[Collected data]
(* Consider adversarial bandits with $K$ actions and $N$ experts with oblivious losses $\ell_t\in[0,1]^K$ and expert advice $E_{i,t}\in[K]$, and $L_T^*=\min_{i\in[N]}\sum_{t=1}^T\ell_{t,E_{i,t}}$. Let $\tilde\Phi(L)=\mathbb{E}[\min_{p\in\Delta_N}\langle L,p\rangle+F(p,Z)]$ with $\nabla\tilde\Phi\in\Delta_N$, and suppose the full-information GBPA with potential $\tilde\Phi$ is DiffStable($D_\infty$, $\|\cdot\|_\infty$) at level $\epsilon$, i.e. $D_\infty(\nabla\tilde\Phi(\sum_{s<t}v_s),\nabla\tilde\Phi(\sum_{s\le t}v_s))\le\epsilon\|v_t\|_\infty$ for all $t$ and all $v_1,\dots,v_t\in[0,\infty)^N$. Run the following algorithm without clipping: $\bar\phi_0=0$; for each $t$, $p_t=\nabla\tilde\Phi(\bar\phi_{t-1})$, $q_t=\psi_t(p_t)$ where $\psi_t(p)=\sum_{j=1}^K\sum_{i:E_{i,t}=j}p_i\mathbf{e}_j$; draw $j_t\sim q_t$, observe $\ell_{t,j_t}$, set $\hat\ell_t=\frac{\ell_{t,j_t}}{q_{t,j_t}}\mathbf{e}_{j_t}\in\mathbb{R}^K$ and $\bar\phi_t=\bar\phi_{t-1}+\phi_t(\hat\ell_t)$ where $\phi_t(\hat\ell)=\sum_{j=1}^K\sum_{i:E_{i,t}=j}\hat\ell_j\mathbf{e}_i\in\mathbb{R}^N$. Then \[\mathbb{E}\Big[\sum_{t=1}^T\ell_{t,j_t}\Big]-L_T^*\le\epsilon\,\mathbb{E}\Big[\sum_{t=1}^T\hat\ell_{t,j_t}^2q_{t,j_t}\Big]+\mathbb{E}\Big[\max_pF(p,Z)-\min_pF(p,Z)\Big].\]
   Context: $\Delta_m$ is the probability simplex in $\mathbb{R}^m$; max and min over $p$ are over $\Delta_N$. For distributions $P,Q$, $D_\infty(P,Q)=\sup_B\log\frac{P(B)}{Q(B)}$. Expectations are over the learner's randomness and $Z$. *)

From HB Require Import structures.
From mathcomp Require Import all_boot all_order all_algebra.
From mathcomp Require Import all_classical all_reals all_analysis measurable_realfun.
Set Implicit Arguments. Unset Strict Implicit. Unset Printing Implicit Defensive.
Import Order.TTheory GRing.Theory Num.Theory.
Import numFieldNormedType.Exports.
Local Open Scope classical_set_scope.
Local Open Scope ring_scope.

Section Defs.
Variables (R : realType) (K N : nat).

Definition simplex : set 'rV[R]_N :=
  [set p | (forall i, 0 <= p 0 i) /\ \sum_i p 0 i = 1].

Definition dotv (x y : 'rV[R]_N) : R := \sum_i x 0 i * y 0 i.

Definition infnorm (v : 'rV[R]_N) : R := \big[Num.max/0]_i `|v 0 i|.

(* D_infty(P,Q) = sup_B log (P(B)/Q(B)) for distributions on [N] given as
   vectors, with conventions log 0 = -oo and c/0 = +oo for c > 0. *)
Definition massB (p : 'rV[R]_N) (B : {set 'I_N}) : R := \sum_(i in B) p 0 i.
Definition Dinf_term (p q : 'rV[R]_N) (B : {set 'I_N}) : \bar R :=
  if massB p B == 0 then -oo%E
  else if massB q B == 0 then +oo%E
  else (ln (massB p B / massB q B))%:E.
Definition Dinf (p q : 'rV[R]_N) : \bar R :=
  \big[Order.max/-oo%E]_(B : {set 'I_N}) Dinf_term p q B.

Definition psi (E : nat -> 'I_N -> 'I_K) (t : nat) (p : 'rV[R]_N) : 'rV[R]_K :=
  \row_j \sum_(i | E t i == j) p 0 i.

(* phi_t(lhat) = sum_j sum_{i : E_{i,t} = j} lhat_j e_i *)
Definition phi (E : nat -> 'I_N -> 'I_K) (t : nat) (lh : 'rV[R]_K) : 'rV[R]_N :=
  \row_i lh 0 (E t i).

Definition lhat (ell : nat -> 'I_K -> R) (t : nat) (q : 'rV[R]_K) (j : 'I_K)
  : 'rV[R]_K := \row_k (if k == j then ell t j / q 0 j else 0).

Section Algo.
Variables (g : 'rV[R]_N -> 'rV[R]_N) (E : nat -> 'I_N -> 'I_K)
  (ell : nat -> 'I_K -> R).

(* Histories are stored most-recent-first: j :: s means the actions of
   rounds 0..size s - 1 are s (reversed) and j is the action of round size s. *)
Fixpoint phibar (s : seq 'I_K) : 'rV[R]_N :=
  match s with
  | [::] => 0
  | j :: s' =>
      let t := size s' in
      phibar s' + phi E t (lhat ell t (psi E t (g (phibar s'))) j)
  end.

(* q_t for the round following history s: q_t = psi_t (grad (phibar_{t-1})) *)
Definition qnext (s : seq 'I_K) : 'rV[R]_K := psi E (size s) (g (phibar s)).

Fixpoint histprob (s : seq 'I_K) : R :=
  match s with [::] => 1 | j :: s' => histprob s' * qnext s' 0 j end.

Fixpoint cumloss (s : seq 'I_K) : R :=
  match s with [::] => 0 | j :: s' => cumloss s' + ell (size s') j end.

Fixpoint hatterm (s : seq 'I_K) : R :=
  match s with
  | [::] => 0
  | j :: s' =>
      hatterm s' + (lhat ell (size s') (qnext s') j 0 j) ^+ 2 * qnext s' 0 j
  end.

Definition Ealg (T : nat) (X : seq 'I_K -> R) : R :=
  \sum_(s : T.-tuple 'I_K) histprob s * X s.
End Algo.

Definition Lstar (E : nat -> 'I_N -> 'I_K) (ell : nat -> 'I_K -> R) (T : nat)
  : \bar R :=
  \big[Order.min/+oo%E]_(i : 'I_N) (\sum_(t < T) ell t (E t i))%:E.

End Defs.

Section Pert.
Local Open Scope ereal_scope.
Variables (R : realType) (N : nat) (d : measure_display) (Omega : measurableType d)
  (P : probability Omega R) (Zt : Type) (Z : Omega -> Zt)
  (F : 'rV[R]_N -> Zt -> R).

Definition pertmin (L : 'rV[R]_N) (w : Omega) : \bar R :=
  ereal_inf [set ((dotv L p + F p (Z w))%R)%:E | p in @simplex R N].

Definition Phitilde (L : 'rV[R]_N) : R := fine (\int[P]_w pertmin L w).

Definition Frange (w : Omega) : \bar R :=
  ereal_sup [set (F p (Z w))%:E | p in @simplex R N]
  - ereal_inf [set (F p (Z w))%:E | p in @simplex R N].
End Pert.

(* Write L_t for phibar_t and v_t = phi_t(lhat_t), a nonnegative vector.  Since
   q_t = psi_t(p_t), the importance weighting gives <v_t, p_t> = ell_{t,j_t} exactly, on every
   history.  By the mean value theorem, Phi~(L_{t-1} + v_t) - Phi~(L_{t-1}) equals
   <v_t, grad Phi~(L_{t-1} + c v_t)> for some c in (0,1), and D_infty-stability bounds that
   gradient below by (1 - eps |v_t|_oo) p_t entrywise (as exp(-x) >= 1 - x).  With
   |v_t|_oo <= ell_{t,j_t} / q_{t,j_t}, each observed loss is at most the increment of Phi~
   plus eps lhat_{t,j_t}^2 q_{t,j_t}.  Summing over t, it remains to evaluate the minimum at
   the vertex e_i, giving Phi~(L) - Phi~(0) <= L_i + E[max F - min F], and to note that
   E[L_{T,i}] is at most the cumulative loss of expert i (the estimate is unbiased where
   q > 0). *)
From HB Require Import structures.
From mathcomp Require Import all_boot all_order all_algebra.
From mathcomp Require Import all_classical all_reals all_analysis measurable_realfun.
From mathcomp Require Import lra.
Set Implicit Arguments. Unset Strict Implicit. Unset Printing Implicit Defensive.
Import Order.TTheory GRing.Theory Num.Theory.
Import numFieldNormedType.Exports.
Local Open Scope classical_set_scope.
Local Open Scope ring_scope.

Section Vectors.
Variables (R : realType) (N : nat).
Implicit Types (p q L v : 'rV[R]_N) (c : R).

» Action item
Every line from the line containing "Variables (R : realType) (N : nat) (d" through the line containing "the vertex e_i, giving" in the records above must be retyped exactly. Leave out the rest.

» Task response
Variables (R : realType) (N : nat) (d : measure_display) (Omega : measurableType d)
  (P : probability Omega R) (Zt : Type) (Z : Omega -> Zt)
  (F : 'rV[R]_N -> Zt -> R).

Definition pertmin (L : 'rV[R]_N) (w : Omega) : \bar R :=
  ereal_inf [set ((dotv L p + F p (Z w))%R)%:E | p in @simplex R N].

Definition Phitilde (L : 'rV[R]_N) : R := fine (\int[P]_w pertmin L w).

Definition Frange (w : Omega) : \bar R :=
  ereal_sup [set (F p (Z w))%:E | p in @simplex R N]
  - ereal_inf [set (F p (Z w))%:E | p in @simplex R N].
End Pert.

(* Write L_t for phibar_t and v_t = phi_t(lhat_t), a nonnegative vector.  Since
   q_t = psi_t(p_t), the importance weighting gives <v_t, p_t> = ell_{t,j_t} exactly, on every
   history.  By the mean value theorem, Phi~(L_{t-1} + v_t) - Phi~(L_{t-1}) equals
   <v_t, grad Phi~(L_{t-1} + c v_t)> for some c in (0,1), and D_infty-stability bounds that
   gradient below by (1 - eps |v_t|_oo) p_t entrywise (as exp(-x) >= 1 - x).  With
   |v_t|_oo <= ell_{t,j_t} / q_{t,j_t}, each observed loss is at most the increment of Phi~
   plus eps lhat_{t,j_t}^2 q_{t,j_t}.  Summing over t, it remains to evaluate the minimum at
   the vertex e_i, giving Phi~(L) - Phi~(0) <= L_i + E[max F - min F], and to note that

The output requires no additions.